Osmanlıda batılı monarşilerle karıştırılarak padişahın güçlerini sınırlandıran bir dinamiğin olmadığı sanılmaktadır. Aksine padişahın iktidarını sınırlayan dinamik vardır çünkü
Osmanlı’da STK ların işlevlerine benzer 3 etken vardır
1-Şer’i hukuk kurallarıdır : Padişah devletin yapısı gereği İslam hukukuna uymak zorundadır.
2-Örfi hukuk : Osmanlı toplumunda ve yönetiminde örf önemli bir yere sahiptir. Öyle ki değişik, bölgelerde farklı örf ve adetler bulunduğundan, her sancak ve bölgede ayrı ayrı yasalar yapılmıştır.
3-Ulema
Bu nedenle, Osmanlı toplumunda batılı anlamda sivil toplum olmamakla birlikte Osmanlığı kendi şartları içinde değerlendirmek gerekir.
Hatta osmanlı’da sivil toplum potansiyeli taşıyan bazı unsurlar da vardır ;
1 – Millet sistemine dayalı bir toplumsal yapı içerisinde farklılıklara özerk bir alan tanımış olması sivil toplum görüntüsü çağrıştırmaktadır.
2-Sivil toplum unsuru olabilme özelliği taşıyan ikinci yapı ise localardır.
3- Dini örgütlenmeler de diğer bir özellik olarak sayılır, dini örgütlenmeler resmi düzeyde ve hak düzeyinde olmak üzere ikili yapılanma içindedir. Resmi yön şeyhülislamın temsil yapılanmadır.

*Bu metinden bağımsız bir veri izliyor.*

(* Let $\mathfrak g$ be a nilpotent real Lie algebra with an abelian complex structure $L$, and let $0=\mathfrak z^0\subset\mathfrak z^1\subset\dots\subset\mathfrak z^k=\mathfrak g$ be its upper central series. Then every $\mathfrak z^i$ is $L$-invariant. If $\mathfrak g$ carries an abelian hypercomplex structure $(I,J,K)$, then every $\mathfrak z^i$ is $\mathbb H$-invariant.
   Context: The upper central series is defined by $\mathfrak z^0=0$, $\mathfrak z^i=\{x\in\mathfrak g:[x,\mathfrak g]\subset\mathfrak z^{i-1}\}$. A complex structure on $\mathfrak g$ is a linear $L$ with $L^2=-1$ such that $\mathfrak g^{1,0}=\{x\in\mathfrak g\otimes\mathbb C:Lx=\sqrt{-1}x\}$ is a subalgebra of $\mathfrak g\otimes\mathbb C$; it is abelian if $\mathfrak g^{1,0}$ is abelian, equivalently $[Lx,y]=-[x,Ly]$ for all $x,y$. A hypercomplex structure is a triple $(I,J,K)$ of complex structures with $I^2=J^2=K^2=-1$, $IJ=-JI=K$; it is abelian if $I,J,K$ are abelian. *)

From mathcomp Require Import all_boot all_order all_algebra.
From mathcomp Require Import reals.
Set Implicit Arguments. Unset Strict Implicit. Unset Printing Implicit Defensive.
Import GRing.Theory.
Local Open Scope ring_scope.

Section LieDefs.
Variables (R : realType) (V : vectType R).

Definition is_lie_bracket (br : V -> V -> V) : Prop :=
  [/\ forall (a : R) x y z, br (a *: x + y) z = a *: br x z + br y z,
      forall (a : R) x y z, br x (a *: y + z) = a *: br x y + br x z,
      forall x, br x x = 0
    & forall x y z, br x (br y z) + br y (br z x) + br z (br x y) = 0].

Fixpoint ucs (br : V -> V -> V) (i : nat) : V -> Prop :=
  match i with
  | 0 => fun x => x = 0
  | i'.+1 => fun x => forall y, ucs br i' (br x y)
  end.

Definition lie_nilpotent (br : V -> V -> V) : Prop :=
  exists k, forall x, ucs br k x.

(* Complex structure: L^2 = -1 and g^{1,0} is a subalgebra of g (x) C,
   expressed (equivalently) as the vanishing of the Nijenhuis tensor. *)
Definition complex_structure (br : V -> V -> V) (L : {linear V -> V}) : Prop :=
  (forall x, L (L x) = - x) /\
  (forall x y, br (L x) (L y) - L (br (L x) y) - L (br x (L y)) - br x y = 0).

(* Abelian: [Lx, y] = - [x, Ly] (equivalently g^{1,0} abelian). *)
Definition abelian_complex_structure (br : V -> V -> V) (L : {linear V -> V})
  : Prop :=
  complex_structure br L /\ (forall x y, br (L x) y = - br x (L y)).

Definition abelian_hypercomplex_structure (br : V -> V -> V)
  (I J K : {linear V -> V}) : Prop :=
  [/\ abelian_complex_structure br I, abelian_complex_structure br J,
      abelian_complex_structure br K,
      forall x, I (J x) = K x
    & forall x, J (I x) = - K x].

Definition stable_under (S : V -> Prop) (L : V -> V) : Prop :=
  forall x, S x -> S (L x).

End LieDefs.

From mathcomp Require Import all_boot all_order all_algebra.
From mathcomp Require Import reals.
Import GRing.Theory.
Local Open Scope ring_scope.

(* If [x, g] lies in z^(i-1), then [Lx, y] = -[x, Ly] lies there too, since
   z^(i-1) is closed under negation. *)

Section UpperCentralSeries.
Variables (R : realType) (V : vectType R) (br : V -> V -> V).
Hypothesis br_lie : is_lie_bracket br.

Lemma lie_br0l y : br 0 y = 0.
Proof.
have [brDl _ _ _] := br_lie.
have := brDl 1 0 0 y; rewrite !scale1r !addr0 => br0_double.
by apply: (addrI (br 0 y)); rewrite -br0_double addr0.
Qed.

Lemma lie_brNl x y : br (- x) y = - br x y.
Proof.
have [brDl _ _ _] := br_lie.
by have := brDl (-1) x 0 y; rewrite addr0 lie_br0l addr0 !scaleN1r.
Qed.

Lemma ucsN i x : ucs br i x -> ucs br i (- x).
Proof.
elim: i x => [|i IHi] x /=; first by move->; rewrite oppr0.
by move=> ucs_x y; rewrite lie_brNl; apply: IHi.
Qed.

Lemma ucs_stable_abelian (L : {linear V -> V}) :
  abelian_complex_structure br L -> forall i, stable_under (ucs br i) L.
Proof.
move=> [_ brLl] [|i] x /=; first by move->; rewrite linear0.
by move=> ucs_x y; rewrite brLl; apply: ucsN.
Qed.

End UpperCentralSeries.

Theorem lemma4p1 (R : realType) (V : vectType R) (br : V -> V -> V) :
  is_lie_bracket br -> lie_nilpotent br ->
  (forall L : {linear V -> V}, abelian_complex_structure br L ->
     forall i, stable_under (ucs br i) L) /\
  (forall I J K : {linear V -> V}, abelian_hypercomplex_structure br I J K ->
     forall i, [/\ stable_under (ucs br i) I, stable_under (ucs br i) J
                 & stable_under (ucs br i) K]).
Proof.
move=> br_lie _; split; first exact: ucs_stable_abelian.
by move=> I J K [abI abJ abK _ _] i; split; apply: ucs_stable_abelian.
Qed.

Halk kanadında tarikatlar vardır.
Gerçek anlamda STK diyebileceğimiz tarikatlar en güçlü liderleri bile zaman zaman etkileyip yönlendirebildikleri halde sürekli olarak devletin resmi bürokratik örgütlenmesi dışında kalmışlardır.

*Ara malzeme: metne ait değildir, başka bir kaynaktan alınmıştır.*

(* The indices dd 0 < ... < dd (n-1), with r inserted at position j, pick an
   increasing (n+1)-subsequence of hh; c0 is the common Ramsey colour. *)
Lemma homogeneous_cdf_grid (R : realType) d (X : finOrderType d) n
    (A : n.-tuple X -> {ffun X -> R}) (K N : nat) :
  (iter n.+1 (ramsey_step (K.+1 * n.+1)) N <= #|X|)%N ->
  exists hh : nat -> X, (forall k l, (k < l < N)%N -> (hh k < hh l)%O) /\
  exists c0 : 'I_n.+1 -> 'I_K.+1, forall (dd : nat -> nat) (j r : nat),
    {homo dd : a b / (a < b)%N} -> ((0 < j)%N -> (dd j.-1 < r)%N) -> (r < dd j)%N ->
    (j <= n)%N -> (dd n < N)%N ->
    quantize K (cdf A [tuple hh (dd k) | k < n] (hh r)) = c0 (inord j).
Proof.
move=> HX.
have /card_gt0P[x0 _] : (0 < #|X|)%N by apply: leq_trans HX; rewrite iterS expn_gt0.
pose row_deleted (t : seq X) (j : 'I_n.+1) := [tuple nth x0 t (bump j k) | k < n].
pose col (t : seq X) : {ffun 'I_n.+1 -> 'I_K.+1} :=
  [ffun j => quantize K (cdf A (row_deleted t j) (nth x0 t j))].
have HC : (#|{ffun 'I_n.+1 -> 'I_K.+1}| <= 2 ^ (K.+1 * n.+1))%N.
  by rewrite card_ffun !card_ord expnM leq_exp2r // ltnW // ltn_expl.
have [h [h_sorted h_size [c0 Hc0]]] := sorted_ramsey col HC HX.
have hh_lt k l : (k < l)%N -> (l < N)%N -> (nth x0 h k < nth x0 h l)%O.
  by move=> kl lN; rewrite lt_sorted_ltn_nth // inE h_size ?(ltn_trans kl).
exists (nth x0 h); split; first by move=> k l /andP[]; apply: hh_lt.
exists c0 => dd j r dd_incr prev_lt_r r_lt_next jn ddn.
set g := insert_at dd j r.
have g_incr := insert_at_incr dd_incr prev_lt_r r_lt_next.
have g_lt x : (x <= n)%N -> (g x < N)%N.
  by move=> xn; apply: leq_ltn_trans (insert_at_le dd_incr r_lt_next xn) ddn.
set t := mkseq (fun x => nth x0 h (g x)) n.+1.
have t_sub : subseq t h.
  apply: (sorted_subset_subseq lt_trans ltxx) h_sorted _.
    apply: (homo_sorted_in (P := [pred x | (x <= n)%N]) (e := ltn)); last exact: iota_ltn_sorted.
      by move=> x y xn yn xy; apply: hh_lt (g_incr _ _ xy) (g_lt _ yn).
    by apply/allP => x; rewrite mem_iota.
  move=> y /mapP[x]; rewrite mem_iota => /andP[_ xn] ->.
  by apply: mem_nth; rewrite h_size g_lt.
have := congr1 (fun c : {ffun _ -> _} => c (inord j)) (Hc0 t t_sub (size_mkseq _ _)).
rewrite /= /col ffunE inordK ?ltnS // nth_mkseq ?ltnS // /g insert_at_pos.
suff -> : row_deleted t (inord j) = [tuple nth x0 h (dd k) | k < n] by [].
apply: eq_mktuple => k; rewrite inordK ?ltnS // nth_mkseq /g ?insert_at_bump //.
by rewrite /bump; case: (j <= k)%N; rewrite ?add1n ?add0n ltnS // ltnW.
Qed.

Tarikatlar, Osmanlıda devlet ile toplum arasında hem tampon görevi hem de iletişimi sağlayan kanallardan biri olmuştur.
4- Vakıflar, dünyada henüz sosyal adalet sosyal refah dengeli gelir dağılımı sosyal güvenlik ve sosyal hizmet gibi kavramlar telaffuz edilmediği dönemlerde İslam toplumlarında özellikle de Osmanlı toplumlarında devletin organizasyon şemasında yer almayan ancak devletin bilgisi dahilinde olmuştur.

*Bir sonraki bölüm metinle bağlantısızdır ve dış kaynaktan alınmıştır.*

(* Let $A\in\mathbb{R}^{n\times n}$, let $W\in\mathbb{R}^{n\times n}$ be symmetric positive definite, let $C=\mathrm{diag}(C_{11},\dots,C_{nn})$ be diagonal positive definite and $V=\mathrm{diag}(\sigma_1^2,\dots,\sigma_n^2)$ with $\sigma_i>0$. Let $\Sigma\succ0$ be the solution of the discrete algebraic Riccati equation $\Sigma=A\Sigma A^T-A\Sigma C^T(C\Sigma C^T+V)^{-1}C\Sigma A^T+W$. Then $$\ln\det\Sigma\ge\ln\left[\frac{(\det A)^2}{\frac1n\left(\mathrm{tr}\,W^{-1}+\sum_{i=1}^n\frac{C_{ii}^2}{\sigma_i^2}\right)^n}+\det W\right].$$ *)

From mathcomp Require Import all_boot all_order all_algebra.
From mathcomp Require Import all_classical all_reals all_analysis.
Set Implicit Arguments. Unset Strict Implicit. Unset Printing Implicit Defensive.
Import Order.TTheory GRing.Theory Num.Theory.
Local Open Scope ring_scope.

Definition posdef (R : realType) (n : nat) (M : 'M[R]_n) : Prop :=
  M^T = M /\ forall x : 'cV[R]_n, x != 0 -> 0 < (x^T *m M *m x) 0 0.

From mathcomp Require Import all_boot all_order all_algebra.
From mathcomp Require Import all_classical all_reals all_analysis.
From mathcomp Require Import complex spectral sesquilinear ring lra.
Import Order.TTheory GRing.Theory Num.Theory.
Set Implicit Arguments. Unset Strict Implicit. Unset Printing Implicit Defensive.
Local Open Scope ring_scope.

KISACASI ; klasik Osmanlı döneminde sivil yapılar sosyal amaçlı örgütlenmelerdir, ilk bakışta ilk sivil toplum kaynağı olabilecek olan bu unsurların bazı istisnai kurumlar ve durumlar hariç devlet ile ilişkilerinde devleti önceleyen bir yaklaşım içinde oldukları da bilinir.